**TASK ITEM:** Below are some records; quote exactly the lines from the one that contains "Proof. intros (u1" through the one that contains "Let next n (x", inclusive, and no others.

Saved data entries:
(* The attraction basin $\mathcal A$ of $x_0$ is invariant under the auxiliary flow: if $x\in\mathcal A$ and $(x,t)\in D_\Phi$ then $\Phi(x,t)\in\mathcal A$. The boundary $\partial\mathcal A$ of $\mathcal A$ relative to $D$ is also invariant in the same sense. Moreover, for every $x\in\partial\mathcal A$ the trajectory through $x$ is not global in the future.
   Context: Standing setting: $X,Y$ are real Banach spaces, $D\subseteq X$ is a nonempty open connected set, $f:D\to Y$ is a local homeomorphism (every point has an open neighbourhood mapped homeomorphically onto an open set), $x_0\in D$, $y_0=f(x_0)$. A flow in $D$ is a map $\Phi:D_\Phi\to D$ such that: (i) $D_\Phi$ is an open subset of $D\times\mathbb R$ and $\Phi$ is continuous; (ii) for each $x\in D$, $\{t:(x,t)\in D_\Phi\}$ is an interval containing $0$; (iii) $\Phi(x,0)=x$; (iv) if $(x,t_1),(x,t_1+t_2)\in D_\Phi$ then $(\Phi(x,t_1),t_2)\in D_\Phi$ and $\Phi(\Phi(x,t_1),t_2)=\Phi(x,t_1+t_2)$. The trajectory through $x$ is global in the future if $\{x\}\times[0,+\infty)\subseteq D_\Phi$. Let $\Psi(y,t)=y_0+e^{-t}(y-y_0)$ for $y\in Y,t\in\mathbb R$. The auxiliary flow $\Phi$ is the unique flow in $D$ of maximal domain with $f(\Phi(x,t))=\Psi(f(x),t)$ for all $(x,t)\in D_\Phi$; for each $x$, $t\mapsto\Phi(x,t)$ is the maximal continuous lifting by $f$ of $t\mapsto\Psi(f(x),t)$ through $x$ at $t=0$. The attraction basin $\mathcal A$ of $x_0$ is the set of $x\in D$ whose trajectory is global in the future and satisfies $\Phi(x,t)\to x_0$ as $t\to+\infty$. *)

From Stdlib Require Import Reals.
Open Scope R_scope.
(* Let $\mathit{TS}_1=(\mathcal{S}_1,\mathcal{E}_1,\mathcal{I}_1,\to_1)$, $\mathit{TS}_2=(\mathcal{S}_2,\mathcal{E}_2,\mathcal{I}_2,\to_2)$ be LTSs and let $\psi\subseteq\mathcal{E}_1^\omega\times\mathcal{E}_2^\omega$ be a safety relation. If $(\mathcal{I}_1,\mathcal{I}_2,\psi)\in\texttt{fe}$, then for every $\tau_1\in\mathit{Traces}(\mathcal{I}_1)$ there exists $\tau_2\in\mathit{Traces}(\mathcal{I}_2)$ with $(\tau_1,\tau_2)\in\psi$.
   Context: LTS $(\mathcal{S},\mathcal{E},\mathcal{I},\to)$: states, observable events, initial state, and $\to\subseteq\mathcal{S}\times(\mathcal{E}\cup\{\emptyset\})\times\mathcal{S}$, label $\emptyset$ marking silent steps. $\to^*$ is the reflexive transitive closure of silent steps; for $e\in\mathcal{E}$, $s\overset{e}{\rightsquigarrow}s'$ means $s\to^*s''\xrightarrow{e}s'$ for some $s''$. $\mathit{Traces}(s)$ is the set of $\tau\in\mathcal{E}^\omega$ such that some $\pi\in\mathcal{S}^\omega$ has $\pi_0=s$ and $\pi_i\overset{\tau[i]}{\rightsquigarrow}\pi_{i+1}$ for all $i$. Safety closure $|\psi|_{\mathit{safe}}=\{(\tau_1,\tau_2)\mid\forall n.\exists\tau_1',\tau_2'.(\tau_1[0..n)\tau_1',\tau_2[0..n)\tau_2')\in\psi\}$ ($\tau[0..n)$ = prefix of length $n$); $\psi$ is a safety relation iff $|\psi|_{\mathit{safe}}\subseteq\psi$. Derivative $\Delta_{e_1,e_2}(\psi)=\{(\tau_1,\tau_2)\mid(e_1\tau_1,e_2\tau_2)\in\psi\}$. For $R\subseteq\mathcal{S}_1\times\mathcal{S}_2\times\mathcal{P}(\mathcal{E}_1^\omega\times\mathcal{E}_2^\omega)$: $\texttt{feF}(R)=\{(s_1,s_2,\psi)\mid\forall e_1,s_1'.\ s_1\overset{e_1}{\rightsquigarrow}_1s_1'\Rightarrow\exists e_2,s_2'.\ s_2\overset{e_2}{\rightsquigarrow}_2s_2'\wedge\Delta_{e_1,e_2}(\psi)\neq\emptyset\wedge(s_1',s_2',\Delta_{e_1,e_2}(\psi))\in R\}$, a monotone operator; $\texttt{fe}$ is its greatest fixed point. *)

From Stdlib Require Import Arith.

Set Implicit Arguments.

(* A labelled transition system (S, E, I, ->); the label None is the silent
   label (written ∅ in the paper), Some e an observable event e. *)
Record LTS := {
  St : Type;
  Ev : Type;
  Init : St;
  step : St -> option Ev -> St -> Prop
}.

Inductive silent_star (T : LTS) : St T -> St T -> Prop :=
| ss_refl s : silent_star T s s
| ss_step s s' s'' : step T s None s' -> silent_star T s' s'' -> silent_star T s s''.

Definition weak_step (T : LTS) (s : St T) (e : Ev T) (s' : St T) : Prop :=
  exists s'', silent_star T s s'' /\ step T s'' (Some e) s'.

Definition word (E : Type) := nat -> E.

Definition Traces (T : LTS) (s : St T) : word (Ev T) -> Prop :=
  fun tau => exists pi : nat -> St T,
    pi 0 = s /\ forall i, weak_step T (pi i) (tau i) (pi (S i)).

Definition hyperrel (E1 E2 : Type) := word E1 -> word E2 -> Prop.

Definition prefix_app (E : Type) (n : nat) (tau tau' : word E) : word E :=
  fun i => if i <? n then tau i else tau' (i - n).

Definition safe_closure (E1 E2 : Type) (psi : hyperrel E1 E2) : hyperrel E1 E2 :=
  fun t1 t2 => forall n, exists t1' t2',
    psi (prefix_app n t1 t1') (prefix_app n t2 t2').

Definition safety (E1 E2 : Type) (psi : hyperrel E1 E2) : Prop :=
  forall t1 t2, safe_closure psi t1 t2 -> psi t1 t2.

Definition cons_word (E : Type) (e : E) (t : word E) : word E :=
  fun i => match i with 0 => e | S j => t j end.

Definition deriv (E1 E2 : Type) (e1 : E1) (e2 : E2) (psi : hyperrel E1 E2)
  : hyperrel E1 E2 :=
  fun t1 t2 => psi (cons_word e1 t1) (cons_word e2 t2).

Definition nonempty_rel (E1 E2 : Type) (psi : hyperrel E1 E2) : Prop :=
  exists t1 t2, psi t1 t2.

Definition frel (T1 T2 : LTS) := St T1 -> St T2 -> hyperrel (Ev T1) (Ev T2) -> Prop.

Definition feF (T1 T2 : LTS) (R : frel T1 T2) : frel T1 T2 :=
  fun s1 s2 psi => forall e1 s1', weak_step T1 s1 e1 s1' ->
    exists e2 s2', weak_step T2 s2 e2 s2' /\
      nonempty_rel (deriv e1 e2 psi) /\ R s1' s2' (deriv e1 e2 psi).

(* fe = greatest fixed point of feF (Knaster–Tarski: union of all
   post-fixed points R ⊆ feF R) *)
Definition fe (T1 T2 : LTS) : frel T1 T2 :=
  fun s1 s2 psi => exists R : frel T1 T2,
    (forall a b p, R a b p -> feF R a b p) /\ R s1 s2 psi.

(* Run the post-fixed point R witnessing [fe] along the given trace of T1:
   each observable step of T1 is answered by a weak step of T2, and the
   relation is replaced by its derivative along the two events, which stays
   nonempty.  Dependent choice turns this into an infinite answering trace
   tau2.  The relation reached after n steps is the residual of psi along the
   length-n prefixes of tau1 and tau2, so every pair of prefixes extends into
   psi; psi being a safety relation, it contains (tau1, tau2). *)
From Stdlib Require Import Arith Lia ClassicalEpsilon FunctionalExtensionality.

Set Implicit Arguments.

Lemma prefix_app_0 (E : Type) (tau t : word E) : prefix_app 0 tau t = t.
Proof.
  apply functional_extensionality; intro i; unfold prefix_app; simpl.
  now rewrite Nat.sub_0_r.
Qed.

Lemma prefix_app_cons (E : Type) (n : nat) (tau t : word E) :
  prefix_app n tau (cons_word (tau n) t) = prefix_app (S n) tau t.
Proof.
  apply functional_extensionality; intro i; unfold prefix_app, cons_word.
  destruct (Nat.ltb_spec i n), (Nat.ltb_spec i (S n)); try lia; auto.
  - assert (i = n) by lia; subst. now rewrite Nat.sub_diag.
  - destruct (i - n) eqn:Hi; [lia|]. f_equal; lia.
Qed.

Definition residual (E1 E2 : Type) (n : nat) (t1 : word E1) (t2 : word E2)
  (psi : hyperrel E1 E2) : hyperrel E1 E2 :=
  fun u1 u2 => psi (prefix_app n t1 u1) (prefix_app n t2 u2).

Lemma residual_0 (E1 E2 : Type) (t1 : word E1) (t2 : word E2)
  (psi : hyperrel E1 E2) :
  residual 0 t1 t2 psi = psi.
Proof.
  apply functional_extensionality; intro u1.
  apply functional_extensionality; intro u2.
  unfold residual. now rewrite !prefix_app_0.
Qed.

Lemma residual_S (E1 E2 : Type) (n : nat) (t1 : word E1) (t2 : word E2)
  (psi : hyperrel E1 E2) :
  residual (S n) t1 t2 psi = deriv (t1 n) (t2 n) (residual n t1 t2 psi).
Proof.
  apply functional_extensionality; intro u1.
  apply functional_extensionality; intro u2.
  unfold deriv, residual. now rewrite !prefix_app_cons.
Qed.

Lemma nonempty_rel_deriv (E1 E2 : Type) (e1 : E1) (e2 : E2) (psi : hyperrel E1 E2) :
  nonempty_rel (deriv e1 e2 psi) -> nonempty_rel psi.
Proof. intros (u1 & u2 & H). do 2 eexists; exact H. Qed.

Section DependentChoice.

Variables (A B : Type) (P : nat -> A -> Prop) (Q : nat -> A -> B -> A -> Prop).
Variables (a0 : A) (Ha0 : P 0 a0).
Hypothesis next_exists :
  forall n a, P n a -> exists b a', P (S n) a' /\ Q n a b a'.

Let next n (x : {a | P n a}) :
  {p : B * {a' | P (S n) a'} | Q n (proj1_sig x) (fst p) (proj1_sig (snd p))}.
Proof.
  apply constructive_indefinite_description.
  destruct x as [a Ha]; destruct (next_exists Ha) as (b & a' & Ha' & HQ).
  now exists (b, exist _ a' Ha').
Defined.

Let Fixpoint chain n : {a | P n a} :=
  match n with
  | 0 => exist _ a0 Ha0
  | S m => snd (proj1_sig (next (chain m)))
  end.

Lemma dependent_choice_labelled :
  exists (f : nat -> A) (g : nat -> B),
    f 0 = a0 /\ forall n, Q n (f n) (g n) (f (S n)).
Proof.
  exists (fun n => proj1_sig (chain n)),
         (fun n => fst (proj1_sig (next (chain n)))).
  split; [reflexivity|]. intro n; exact (proj2_sig (next (chain n))).
Qed.

End DependentChoice.

Section AnswerTrace.

Variables (T1 T2 : LTS) (R : frel T1 T2).
Hypothesis R_postfixed : forall s1 s2 psi, R s1 s2 psi -> feF R s1 s2 psi.

Lemma postfixed_answer_trace {pi1 : nat -> St T1} {tau1 : word (Ev T1)} s2 psi :
  (forall i, weak_step T1 (pi1 i) (tau1 i) (pi1 (S i))) ->
  R (pi1 0) s2 psi ->
  exists (pi2 : nat -> St T2) (tau2 : word (Ev T2)),
    pi2 0 = s2 /\
    forall n, weak_step T2 (pi2 n) (tau2 n) (pi2 (S n)) /\
              nonempty_rel (residual (S n) tau1 tau2 psi).
Proof.
  intros Hpi1 HR.
  set (P := fun n (x : St T2 * hyperrel (Ev T1) (Ev T2)) =>
              R (pi1 n) (fst x) (snd x)).
  set (Q := fun n (x : St T2 * hyperrel (Ev T1) (Ev T2)) e2 x' =>
              weak_step T2 (fst x) e2 (fst x') /\
              snd x' = deriv (tau1 n) e2 (snd x) /\ nonempty_rel (snd x')).
  destruct (dependent_choice_labelled P Q (s2, psi) HR) as (f & tau2 & Hf0 & Hf).
  - intros n [s phi] Hs.
    destruct (R_postfixed Hs (Hpi1 n)) as (e2 & s' & Hstep & Hne & HR').
    exists e2, (s', deriv (tau1 n) e2 phi); repeat split; assumption.
  - assert (Hres : forall n, snd (f n) = residual n tau1 tau2 psi).
    { induction n.
      - now rewrite Hf0, residual_0.
      - destruct (Hf n) as (_ & Hder & _). now rewrite Hder, IHn, residual_S. }
    exists (fun n => fst (f n)), tau2; split; [now rewrite Hf0|].
    intro n; destruct (Hf n) as (Hstep & _ & Hne).
    rewrite <- Hres; auto.
Qed.

End AnswerTrace.

Theorem mainTheorem5 (T1 T2 : LTS) (psi : hyperrel (Ev T1) (Ev T2)) :
  safety psi ->
  fe T1 T2 (Init T1) (Init T2) psi ->
  forall tau1, Traces T1 (Init T1) tau1 ->
  exists tau2, Traces T2 (Init T2) tau2 /\ psi tau1 tau2.
Proof.
  intros Hsafe (R & Hpost & HR) tau1 (pi1 & Hpi10 & Hpi1).
  rewrite <- Hpi10 in HR.
  destruct (postfixed_answer_trace Hpost Hpi1 HR) as (pi2 & tau2 & Hpi20 & Hpi2).
  exists tau2; split.
  - exists pi2; split; [exact Hpi20|]. intro n; apply Hpi2.
  - apply Hsafe; intro n.
    destruct (Hpi2 n) as (_ & Hne). rewrite residual_S in Hne.
    exact (nonempty_rel_deriv Hne).
Qed.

**SOLUTION TO THE EXERCISE:**
Proof. intros (u1 & u2 & H). do 2 eexists; exact H. Qed.

Section DependentChoice.

Variables (A B : Type) (P : nat -> A -> Prop) (Q : nat -> A -> B -> A -> Prop).
Variables (a0 : A) (Ha0 : P 0 a0).
Hypothesis next_exists :
  forall n a, P n a -> exists b a', P (S n) a' /\ Q n a b a'.

Let next n (x : {a | P n a}) :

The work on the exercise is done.